Tuesday, January 08, 2008
The guns come out:
Pour out a little liquor to the inoperability of an MNF-I talking point. Brig. General Ed Cardon, November 28, 2007:

INT: I just wanted to ask who is financing and arming the awakening troops? Is it the Iraqi troops or the American troops? Who’s supporting them? Thank you.

BRIG. GEN. CARDON:Okay. As I stated earlier, we do not arm or provide ammunition to any of these groups in our area. For payment, that is done with monies from coalition forces at this time.

Captain David Underwood, The Washington Post, January 8, 2008:

Saad Mahami wanted more firepower.

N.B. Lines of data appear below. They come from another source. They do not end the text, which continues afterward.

(* Let $n\ge2$, $\rho\ge0$, $\xi_n=\frac{n+1}{n-1}$, and let $\lambda_0,\dots,\lambda_{n-1}$ be the eigenvalues of $K_n(\rho)$ labeled as described in the context. Then $K_n(\rho)$ has exactly two extraordinary eigenvalues ($\lambda_0$ and $\lambda_1$) when $\rho>\xi_n$, exactly one ($\lambda_0$) when $1<\rho\le\xi_n$, and none when $0\le\rho\le1$. Furthermore: when $\rho=0$: $\lambda_{n-1}=\dots=\lambda_1=\lambda_0=1$; when $0<\rho<1$: $0<\frac{1-\rho}{1+\rho}<\lambda_{n-1}<\lambda_{n-2}<\dots<\lambda_1<\lambda_0<\frac{1+\rho}{1-\rho}$; when $\rho=1$: $\lambda_1=\dots=\lambda_{n-1}=0<\lambda_0=n$; when $1<\rho<\xi_n$: $-\frac{\rho+1}{\rho-1}<\lambda_1<\lambda_2<\dots<\lambda_{n-1}<-\frac{\rho-1}{\rho+1}<0<n<\lambda_0$; when $\rho=\xi_n$: $-n=\lambda_1<\lambda_2<\dots<\lambda_{n-1}<-\frac1n<0<n<\lambda_0$; when $\rho>\xi_n$: $\lambda_1<-n<-\frac{\rho+1}{\rho-1}<\lambda_2<\dots<\lambda_{n-1}<-\frac{\rho-1}{\rho+1}<0<n<\lambda_0$.
   Context: $K_n(\rho)=\left[\rho^{|j-k|}\right]_{j,k=1}^n$ (with $\rho^0=1$). Ordinary/extraordinary: with $\sigma(\rho,\theta)=\frac{1-\rho^2}{1-2\rho\cos\theta+\rho^2}$ and $\mathrm{range}\{\sigma(\rho,\theta)\}=\{\sigma(\rho,\theta):\theta\in(-\pi,\pi]\}$, for real $\rho\notin\{\pm1\}$ an eigenvalue is ordinary if it lies in $\mathrm{range}\{\sigma(\rho,\theta)\}$; for $\rho\in\{0,\pm1\}$ all eigenvalues are ordinary; extraordinary means not ordinary. Labeling: $\lambda_k=\frac{1-\rho^2}{1-2\rho\cos\mu_k+\rho^2}=(-1)^k\frac{\sin n\mu_k}{\sin\mu_k}$ (indeterminate forms read as limits), where, with $c_n^{(t)}(\mu)=\frac{\cos\frac{\mu(n+1)}{2}}{\cos\frac{\mu(n-1)}{2}}$, $s_n^{(t)}(\mu)=\frac{\sin\frac{\mu(n+1)}{2}}{\sin\frac{\mu(n-1)}{2}}$, $c_n^{(h)}(x)=c_n^{(t)}(ix)$, $s_n^{(h)}(x)=s_n^{(t)}(ix)$ (extended continuously at $0$), $\alpha_k=\frac{(k-1)\pi}{n-1}$, $\beta_k=\frac{k\pi}{n}$, $\gamma_k=\frac{(k+1)\pi}{n+1}$: $\mu_0=ix_0$ with $x_0$ the unique root of $c_n^{(h)}(x)=\rho$ in $[0,\infty)$ if $\rho\ge1$, and the unique root of $c_n^{(t)}(\mu)=\rho$ in $[0,\gamma_0]$ if $0\le\rho\le1$; $\mu_1=ix_1$ with $x_1$ the unique root of $s_n^{(h)}(x)=\rho$ in $[0,\infty)$ if $\rho\ge\xi_n$, the unique root of $s_n^{(t)}(\mu)=\rho$ in $[0,\beta_1]$ if $1\le\rho\le\xi_n$, and in $[\beta_1,\gamma_1]$ if $0\le\rho\le1$; for even $k\ge2$ ($k\le n-1$), $\mu_k$ is the unique root of $c_n^{(t)}(\mu)=\rho$ in $(\alpha_k,\beta_k]$ if $\rho\ge1$ and in $[\beta_k,\gamma_k]$ if $0\le\rho\le1$; for odd $k\ge3$ ($k\le n-1$), the same with $s_n^{(t)}$ in place of $c_n^{(t)}$. *)

From Stdlib Require Import Reals.
From mathcomp Require Import all_boot all_algebra.
From mathcomp Require Import Rstruct.

Set Implicit Arguments.
Unset Strict Implicit.
Unset Printing Implicit Defensive.

Local Open Scope R_scope.

(* The Kac-Murdock-Szego matrix K_n(rho) = [rho^|j-k|], with rho^0 = 1. *)
Definition distn (i j : nat) : nat := if (i <= j)%N then (j - i)%N else (i - j)%N.

Definition Kmat (n : nat) (rho : R) : 'M[R]_n :=
  \matrix_(i < n, j < n) pow rho (distn i j).

Definition sigma (rho theta : R) : R :=
  (1 - rho ^ 2) / (1 - 2 * rho * cos theta + rho ^ 2).

Definition in_sigma_range (rho lam : R) : Prop :=
  exists theta, - PI < theta <= PI /\ lam = sigma rho theta.

Definition ordinary (rho lam : R) : Prop :=
  rho = 0 \/ rho = 1 \/ rho = -1 \/ in_sigma_range rho lam.

Definition extraordinary (rho lam : R) : Prop := ~ ordinary rho lam.

Definition xi (n : nat) : R := (INR n + 1) / (INR n - 1).
Definition alpha (n k : nat) : R := (INR k - 1) * PI / (INR n - 1).
Definition beta (n k : nat) : R := INR k * PI / INR n.
Definition gamma (n k : nat) : R := (INR k + 1) * PI / (INR n + 1).

Definition ct (n : nat) (mu : R) : R :=
  cos (mu * (INR n + 1) / 2) / cos (mu * (INR n - 1) / 2).
Definition st (n : nat) (mu : R) : R :=
  if Req_EM_T mu 0 then (INR n + 1) / (INR n - 1)
  else sin (mu * (INR n + 1) / 2) / sin (mu * (INR n - 1) / 2).
(* c_n^(h)(x) = c_n^(t)(ix), s_n^(h)(x) = s_n^(t)(ix) (extended at 0) *)
Definition ch (n : nat) (x : R) : R :=
  cosh (x * (INR n + 1) / 2) / cosh (x * (INR n - 1) / 2).
Definition sh (n : nat) (x : R) : R :=
  if Req_EM_T x 0 then (INR n + 1) / (INR n - 1)
  else sinh (x * (INR n + 1) / 2) / sinh (x * (INR n - 1) / 2).

(* sin(n mu)/sin(mu), indeterminate forms read as limits *)
Definition Dt (n : nat) (mu : R) : R :=
  if Req_EM_T (sin mu) 0 then INR n * cos (INR n * mu) / cos mu
  else sin (INR n * mu) / sin mu.
(* sin(n i x)/sin(i x) = sinh(n x)/sinh(x), limit n at x = 0 *)
Definition Dh (n : nat) (x : R) : R :=
  if Req_EM_T x 0 then INR n else sinh (INR n * x) / sinh x.

Definition unique_root (f : R -> R) (rho : R) (I : R -> Prop) (mu : R) : Prop :=
  I mu /\ f mu = rho /\ (forall nu, I nu -> f nu = rho -> nu = mu).

(* lam is the eigenvalue lambda_k of K_n(rho) under the labeling of the paper:
   lambda_k = (-1)^k sin(n mu_k)/sin(mu_k) with mu_k as described
   (mu_k = i x_k in the hyperbolic cases). *)
Definition labeled (n : nat) (rho : R) (k : nat) (lam : R) : Prop :=
  if (k == 0)%N then
    (1 <= rho -> exists x, unique_root (ch n) rho (fun y => 0 <= y) x /\ lam = Dh n x) /\
    (0 <= rho <= 1 -> exists mu,
        unique_root (ct n) rho (fun m => 0 <= m <= gamma n 0) mu /\ lam = Dt n mu)
  else if (k == 1)%N then
    (xi n <= rho -> exists x, unique_root (sh n) rho (fun y => 0 <= y) x /\ lam = - Dh n x) /\
    (1 <= rho <= xi n -> exists mu,
        unique_root (st n) rho (fun m => 0 <= m <= beta n 1) mu /\ lam = - Dt n mu) /\
    (0 <= rho <= 1 -> exists mu,
        unique_root (st n) rho (fun m => beta n 1 <= m <= gamma n 1) mu /\ lam = - Dt n mu)
  else
    let f := if odd k then st n else ct n in
    (1 <= rho -> exists mu,
        unique_root f rho (fun m => alpha n k < m <= beta n k) mu /\ lam = (-1) ^ k * Dt n mu) /\
    (0 <= rho <= 1 -> exists mu,
        unique_root f rho (fun m => beta n k <= m <= gamma n k) mu /\ lam = (-1) ^ k * Dt n mu).

From Stdlib Require Import Reals Lra.
From Coquelicot Require Import Rcomplements.
From mathcomp Require Import all_boot all_algebra Rstruct.
From Pilot Require Import Defs. (* last, so that [Defs.sigma] shadows [Rsigma.sigma] *)

(** The labeling equation [c_n(mu) = rho] (resp. [s_n(mu) = rho]) is what
    turns [(-1)^k sin(n mu) / sin mu] into [sigma(rho, mu)]: for
    [a = mu (n+1)/2] and [b = mu (n-1)/2] one has
    [sigma(cos a / cos b, a - b) = sin(a+b) / sin(a-b)] and
    [sigma(sin a / sin b, a - b) = - sin(a+b) / sin(a-b)].  So every
    trigonometric eigenvalue is [sigma(rho, mu_k)] with [mu_k] in [[0, pi)].
    Since [sigma(rho, .)] is strictly decreasing on [[0, pi]] for [rho < 1]
    and strictly increasing for [rho > 1], and the intervals containing the
    [mu_k] increase with [k], this gives the orderings; the values at [0] and
    [pi] give the bounds.  The hyperbolic eigenvalues are [+- sinh(n x)/sinh x],
    of modulus greater than [n], whereas for [rho > 1] every value of
    [sigma(rho, .)] lies in [[-(rho+1)/(rho-1), 0)]; hence they are
    extraordinary.  For [rho = 0] the matrix is the identity. *)

Set Implicit Arguments.
Unset Strict Implicit.
Unset Printing Implicit Defensive.

Local Open Scope R_scope.

Lemma INR_leq m p : (m <= p)%N -> INR m <= INR p.
Proof. by move/leP/le_INR. Qed.

Lemma INR_ge1 k : (1 <= k)%N -> 1 <= INR k.
Proof. exact: INR_leq. Qed.

Lemma INR_ge2 k : (2 <= k)%N -> 2 <= INR k.
Proof. by move/INR_leq => /=; lra. Qed.

Lemma Rdiv_lt_Rdiv a b c d : 0 < b -> 0 < d -> a * d < c * b -> a / b < c / d.
Proof.
move=> b_gt0 d_gt0 h; apply/Rlt_div_l => //.
by rewrite (_ : c / d * b = c * b / d); [apply/Rlt_div_r | field; lra].
Qed.

Lemma Rdiv_pos_lt c d1 d2 : 0 < c -> 0 < d1 -> d1 < d2 -> c / d2 < c / d1.
Proof.
by move=> *; apply: Rmult_lt_compat_l => //; apply: Rinv_lt_contravar; nra.
Qed.

Lemma Rdiv_neg_lt c d1 d2 : c < 0 -> 0 < d1 -> d1 < d2 -> c / d1 < c / d2.
Proof.
move=> c_lt0 d1_gt0 d12; have := Rdiv_pos_lt (Ropp_0_gt_lt_contravar _ c_lt0) d1_gt0 d12.
by rewrite /Rdiv !Ropp_mult_distr_l_reverse; lra.
Qed.

Lemma Rpow_opp1 k : (-1) ^ k = if odd k then -1 else 1.
Proof. by elim: k => //= k ->; case: (odd k) => /=; lra. Qed.

Section Angles.

Variable n : nat.
Hypothesis n_ge2 : (2 <= n)%N.

Let INR_n_ge2 : 2 <= INR n := INR_ge2 n_ge2.

Lemma beta_gt0 k : (1 <= k)%N -> 0 < beta n k.
Proof.
move/INR_ge1=> k_ge1; have := PI_RGT_0.
by rewrite /beta => *; apply: Rdiv_lt_0_compat; nra.
Qed.

Lemma alpha_gt0 k : (2 <= k)%N -> 0 < alpha n k.
Proof.
move/INR_ge2=> k_ge2; have := PI_RGT_0.
by rewrite /alpha => *; apply: Rdiv_lt_0_compat; nra.
Qed.

Lemma beta_lt_PI k : (k < n)%N -> beta n k < PI.
Proof.
move/INR_leq; rewrite S_INR => k_lt_n; have := PI_RGT_0.
by rewrite /beta => *; apply/Rlt_div_l; nra.
Qed.

Lemma gamma_lt_PI k : (k < n)%N -> gamma n k < PI.
Proof.
move/INR_leq; rewrite S_INR => k_lt_n; have := PI_RGT_0.
by rewrite /gamma => *; apply/Rlt_div_l; nra.
Qed.

Lemma gamma_lt_beta_succ k : gamma n k < beta n k.+1.
Proof.
have := pos_INR k; have := PI_RGT_0.
by rewrite /gamma /beta S_INR => *; apply: Rdiv_lt_Rdiv; nra.
Qed.

Lemma beta_lt_alpha_succ k : (1 <= k)%N -> beta n k < alpha n k.+1.
Proof.
move/INR_ge1=> k_ge1; have := PI_RGT_0.
rewrite /alpha /beta S_INR (_ : INR k + 1 - 1 = INR k); last by ring.
by move=> *; apply: Rdiv_lt_Rdiv; nra.
Qed.

Lemma xi_gt1 : 1 < xi n.
Proof. by apply/Rlt_div_r; lra. Qed.

End Angles.

Definition sigma_den (rho th : R) : R := 1 - 2 * rho * cos th + rho ^ 2.

Lemma sigmaE rho th : sigma rho th = (1 - rho ^ 2) / sigma_den rho th.
Proof. by []. Qed.

Lemma sigma_den_ge rho th : 0 <= rho -> (rho - 1) ^ 2 <= sigma_den rho th.
Proof. by have := COS_bound th; rewrite /sigma_den => *; nra. Qed.

Lemma sigma_den_lt rho t1 t2 :
  0 < rho -> 0 <= t1 -> t1 < t2 -> t2 <= PI -> sigma_den rho t1 < sigma_den rho t2.
Proof.
move=> rho_gt0 *; have : cos t2 < cos t1 by apply: cos_decreasing_1; lra.
by rewrite /sigma_den; nra.
Qed.

Lemma sigma_decreasing rho t1 t2 :
  0 < rho < 1 -> 0 <= t1 -> t1 < t2 -> t2 <= PI -> sigma rho t2 < sigma rho t1.
Proof.
move=> rho_bds *; have := sigma_den_ge t1 (Rlt_le _ _ (proj1 rho_bds)).
by rewrite !sigmaE => *; apply: Rdiv_pos_lt; [nra | nra | apply: sigma_den_lt; lra].
Qed.

Lemma sigma_increasing rho t1 t2 :
  1 < rho -> 0 <= t1 -> t1 < t2 -> t2 <= PI -> sigma rho t1 < sigma rho t2.
Proof.
move=> rho_gt1 *; have := @sigma_den_ge rho t1 ltac:(lra).
by rewrite !sigmaE => *; apply: Rdiv_neg_lt; [nra | nra | apply: sigma_den_lt; lra].
Qed.

Lemma sigma_0 rho : rho <> 1 -> sigma rho 0 = - ((rho + 1) / (rho - 1)).
Proof.
move=> rho_neq1; rewrite sigmaE /sigma_den cos_0.
by rewrite (_ : 1 - 2 * rho * 1 + rho ^ 2 = (rho - 1) ^ 2); [field; lra | ring].
Qed.

Lemma sigma_PI rho : rho <> -1 -> sigma rho PI = - ((rho - 1) / (rho + 1)).
Proof.
move=> rho_neqN1; rewrite sigmaE /sigma_den cos_PI.
by rewrite (_ : 1 - 2 * rho * -1 + rho ^ 2 = (rho + 1) ^ 2); [field; lra | ring].
Qed.

Lemma sigma_range_gt1 rho th : 1 < rho -> sigma rho 0 <= sigma rho th < 0.
Proof.
move=> rho_gt1; have := @sigma_den_ge rho th ltac:(lra).
rewrite !sigmaE (_ : sigma_den rho 0 = (rho - 1) ^ 2); last by rewrite /sigma_den cos_0; ring.
move=> /Rle_lt_or_eq_dec [den_gt|<-]; split; try (apply: Rdiv_neg_pos; nra).
- by left; apply: Rdiv_neg_lt => //; nra.
- exact: Rle_refl.
Qed.

Lemma ordinary_sigma rho mu : - PI < mu <= PI -> ordinary rho (sigma rho mu).
Proof. by move=> mu_bds; right; right; right; exists mu. Qed.

Lemma ordinary_gt1 rho l : 1 < rho -> ordinary rho l -> sigma rho 0 <= l < 0.
Proof.
move=> rho_gt1 [|[|[|[th [_ ->]]]]]; try lra.
exact: sigma_range_gt1.
Qed.

Lemma sigma_cos_ratio a b : cos b <> 0 -> sin (a - b) <> 0 ->
  sigma (cos a / cos b) (a - b) = sin (a + b) / sin (a - b).
Proof.
move=> cb_neq0 sab_neq0; have := sin2_cos2 a; have := sin2_cos2 b; rewrite /Rsqr => *.
have num : sin (a + b) * sin (a - b) = cos b ^ 2 - cos a ^ 2.
  by rewrite sin_plus sin_minus; nra.
have den : sin (a - b) ^ 2 = cos b ^ 2 - 2 * cos a * cos b * cos (a - b) + cos a ^ 2.
  by rewrite sin_minus cos_minus; nra.
rewrite sigmaE /sigma_den.
rewrite (_ : 1 - (cos a / cos b) ^ 2 = sin (a + b) * sin (a - b) / cos b ^ 2);
  last by rewrite num; field.
rewrite (_ : 1 - 2 * (cos a / cos b) * cos (a - b) + (cos a / cos b) ^ 2
           = sin (a - b) ^ 2 / cos b ^ 2); last by rewrite den; field.
by field.
Qed.

Lemma sigma_sin_ratio a b : sin b <> 0 -> sin (a - b) <> 0 ->
  sigma (sin a / sin b) (a - b) = - (sin (a + b) / sin (a - b)).
Proof.
move=> sb_neq0 sab_neq0; have := sin2_cos2 a; have := sin2_cos2 b; rewrite /Rsqr => *.
have num : sin (a + b) * sin (a - b) = sin a ^ 2 - sin b ^ 2.
  by rewrite sin_plus sin_minus; nra.
have den : sin (a - b) ^ 2 = sin b ^ 2 - 2 * sin a * sin b * cos (a - b) + sin a ^ 2.
  by rewrite sin_minus cos_minus; nra.
rewrite sigmaE /sigma_den.
rewrite (_ : 1 - (sin a / sin b) ^ 2 = - (sin (a + b) * sin (a - b)) / sin b ^ 2);
  last by rewrite num; field.
rewrite (_ : 1 - 2 * (sin a / sin b) * cos (a - b) + (sin a / sin b) ^ 2
           = sin (a - b) ^ 2 / sin b ^ 2); last by rewrite den; field.
by field.
Qed.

He didn't trust the Iraqi government to give him support, so inside Patrol Base Whiskey, at the edge of this village south of Baghdad, he told U.S. commanders that his 71 Sunni fighters needed additional weapons to fight the insurgent group al-Qaeda in Iraq.

As he listened to Mahami's demand, Capt. David Underwood reminded his superiors that Mahami's men -- all members of a U.S.-backed Sunni paramilitary movement called Sahwa, or "Awakening" -- were already buying arms with U.S. reward money for finding enemy ammunition dumps. "And as we confiscate weapons, we hand them to Saad Mahami," Underwood told Maj. Gen. Rick Lynch, the top commander in the region, during their meeting with the Iraqi.